In anti-war saga, Army vet searches for soldier son

Posted: September 21, 2007

Normally it's bad policy to walk out on movies you like, but you might want to skip the last few minutes of "In the Valley of Elah."

It's a Hollywood anti (Iraq)-war movie, very well-acted by Tommy Lee Jones as a retired Army vet trying to find out what happened to his missing son, and by Charlize Theron as the New Mexico detective who assists him.

Director Paul Haggis ("Crash") sets a muted tone, building a movie around Jones and his wonderfully expressive/impassive face. Jones keeps things somber and tactfully restrained, no matter how troubling the details of the young man's disappearance (loosely drawn from fact) turn out to be.

Until the last few minutes, that is, when Haggis decides to close the movie with a bit of soapboxing so florid and ungainly it just about topples everything he's managed to accomplish in the previous two hours.

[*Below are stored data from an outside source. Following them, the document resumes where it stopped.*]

(* Let $(X,\tau)$ be a zero-dimensional, perfect, compact $T_1$-space and let $(Y,\tau_d)$ be a dendrite with metric $d$. Then there exists a continuous, closed map $f$ of $X$ onto $Y$ such that the decomposition $\mathcal D_f=\{f^{-1}(y);\, y\in Y\}$ of $X$ is upper semicontinuous and the map $h:(Y,\tau_d)\to(\mathcal D_f,\tau(\mathcal D_f))$, $y\mapsto f^{-1}(y)$, is a homeomorphism. Consequently the decomposition space $(\mathcal D_f,\tau(\mathcal D_f))$ is metrizable by the metric $\rho(D,D')=d(h^{-1}(D),h^{-1}(D'))$ (i.e. $\tau(\mathcal D_f)=\tau_\rho$), and $(\mathcal D_f,\tau_\rho)$ is a dendrite.
   Context: A space is zero-dimensional if it has a base consisting of sets that are both closed and open (clopen). A space is perfect if it has no isolated points. A dendrite is a locally connected, connected, compact metric space containing no simple closed curve (no subspace homeomorphic to a circle). A decomposition $\mathcal D$ of a set $X$ is a collection of nonempty, pairwise disjoint subsets of $X$ whose union is $X$; for a topological space $(X,\tau)$ the decomposition topology is $\tau(\mathcal D)=\{\mathcal U\subset\mathcal D;\ \bigcup_{D\in\mathcal U}D\in\tau\}$, and $(\mathcal D,\tau(\mathcal D))$ is the decomposition space. A decomposition $\mathcal D$ is upper semicontinuous (usc) if for every $D\in\mathcal D$ and every open $U\supseteq D$ there is an open $u\supseteq D$ such that every $A\in\mathcal D$ with $A\cap u\neq\emptyset$ satisfies $A\subset U$. *)

From Stdlib Require Import Reals List.
Open Scope R_scope.

Definition set (T : Type) := T -> Prop.

Definition is_topology {T : Type} (op : set T -> Prop) : Prop :=
  op (fun _ => True) /\ op (fun _ => False) /\
  (forall F : set T -> Prop, (forall U, F U -> op U) ->
      op (fun x => exists U, F U /\ U x)) /\
  (forall U V, op U -> op V -> op (fun x => U x /\ V x)).

Definition is_closed {T : Type} (op : set T -> Prop) (C : set T) : Prop :=
  op (fun x => ~ C x).

Definition clopen {T : Type} (op : set T -> Prop) (U : set T) : Prop :=
  op U /\ is_closed op U.

Definition T1_space {T : Type} (op : set T -> Prop) : Prop :=
  forall x y : T, x <> y -> exists U, op U /\ U x /\ ~ U y.

Definition zero_dimensional {T : Type} (op : set T -> Prop) : Prop :=
  forall U x, op U -> U x -> exists V, clopen op V /\ V x /\ (forall y, V y -> U y).

Definition perfect {T : Type} (op : set T -> Prop) : Prop :=
  forall x : T, ~ op (fun y => y = x).

Definition compact_space {T : Type} (op : set T -> Prop) : Prop :=
  forall C : set T -> Prop,
    (forall U, C U -> op U) -> (forall x, exists U, C U /\ U x) ->
    exists l : list (set T), (forall U, In U l -> C U) /\
                             (forall x, exists U, In U l /\ U x).

Definition continuous {A B : Type} (opA : set A -> Prop) (opB : set B -> Prop)
  (f : A -> B) : Prop :=
  forall V, opB V -> opA (fun x => V (f x)).

Definition image {A B : Type} (f : A -> B) (C : set A) : set B :=
  fun y => exists x, C x /\ f x = y.

Definition closed_map {A B : Type} (opA : set A -> Prop) (opB : set B -> Prop)
  (f : A -> B) : Prop :=
  forall C, is_closed opA C -> is_closed opB (image f C).

Definition homeomorphism {A B : Type} (opA : set A -> Prop) (opB : set B -> Prop)
  (h : A -> B) (g : B -> A) : Prop :=
  (forall a, g (h a) = a) /\ (forall b, h (g b) = b) /\
  continuous opA opB h /\ continuous opB opA g.

Definition homeomorphic {A B : Type} (opA : set A -> Prop) (opB : set B -> Prop) : Prop :=
  exists (h : A -> B) (g : B -> A), homeomorphism opA opB h g.

Definition subspace {T : Type} (op : set T -> Prop) (S : set T)
  : set {x : T | S x} -> Prop :=
  fun W => exists U, op U /\ forall z : {x : T | S x}, W z <-> U (proj1_sig z).

Definition connected_set {T : Type} (op : set T -> Prop) (S : set T) : Prop :=
  ~ exists U V, op U /\ op V /\
      (forall x, S x -> U x \/ V x) /\
      (exists x, S x /\ U x) /\ (exists x, S x /\ V x) /\
      (forall x, S x -> U x -> V x -> False).

Definition locally_connected {T : Type} (op : set T -> Prop) : Prop :=
  forall U x, op U -> U x ->
    exists V, op V /\ V x /\ (forall y, V y -> U y) /\ connected_set op V.

Definition is_metric {T : Type} (d : T -> T -> R) : Prop :=
  (forall x y, d x y = 0 <-> x = y) /\
  (forall x y, d x y = d y x) /\
  (forall x y z, d x z <= d x y + d y z).

Definition metric_open {T : Type} (d : T -> T -> R) (U : set T) : Prop :=
  forall x, U x -> exists eps, 0 < eps /\ forall y, d x y < eps -> U y.
From HB Require Import structures.
From mathcomp Require Import all_boot all_order all_algebra all_fingroup all_solvable all_field all_character.

(* Put P = G x G x G and x_i = s_i in the i-th coordinate.  Since Sigma_1, Sigma_2,
   Sigma_3 meet trivially and each s_i lies in a stabilizer K_i<g> contained in
   Sigma_i, every x_i is independent of the two others modulo K Delta_G.  Hence,
   given a linear character l of P / K Delta_G, one can multiply it by characters
   nu_i trivial at the x_j, j <> i, so that psi = l * nu_1 nu_2 nu_3 and
   psi' = l * conj(nu_1 nu_2 nu_3) are both nontrivial at every x_i.  Such characters
   are admissible of the first kind, so both are trivial on G(s_1, s_2, s_3), and
   multiplying them shows l(t)^2 = 1 there; thus t^2 lies in K Delta_G. *)

Set Implicit Arguments.
Unset Strict Implicit.
Unset Printing Implicit Defensive.
Import GRing.Theory Num.Theory.
Local Open Scope group_scope.

Section LinearCharacters.
Variables (aT : finGroupType) (P : {group aT}).
Local Open Scope ring_scope.

Lemma cfker_lin_charE (xi : 'CF(P)) :
  xi \is a linear_char -> cfker xi = [set y in P | xi y == 1].
Proof. by move=> lxi; rewrite cfkerEchar ?lin_charW ?lin_char1. Qed.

It's doubly disappointing that he assigns the gesture to Jones, who has done such a fine job of defining his character - a spit-and-polish, unflappable Army veteran named Hank Deerfield who endured Vietnam and hoped his own son would endure Iraq.

He heads to Fort Rudd, N.M., when he learns his son has mysteriously left the base. The Army thinks it's no big deal, just a kid back from the bush blowing off steam, and the local cops believe they have no jurisdiction, but Hank's paternal instincts tell him something is radically wrong.

He sets out on his own to find out what happened to the boy, eventually shaming a local detective (Theron) into assisting him. Both eventually conclude that the Army brass is trying to cover something up, and undertake an uphill, against-the-system battle.

This fits a little too neatly with the David/Goliath dynamic established in the movie's title, and typifies the way Jones and Theron work to humanize and ground a movie that wants to thump its audience with symbolism.

Flashbacks to the missing man's tour of duty also have an emblematic quality to them, and the resulting portrait of the Iraq combat experience is bound to rankle people - perhaps, or even especially, those veterans who have fought honorably.

In this case, Haggis may presume too much, but he is undoubtedly right to suggest that the bill for sending 200,000 people off to fight a tough war in a nasty place is coming due, and we'd better be ready to pay. *

Produced by Patrick Wachsberger, Steven Samuels, Darlene Caamano Loquet, Paul Haggis, Laurence Becsey, written and directed by Paul Haggis, music by Mark Isham, distributed by Warner Independent Pictures.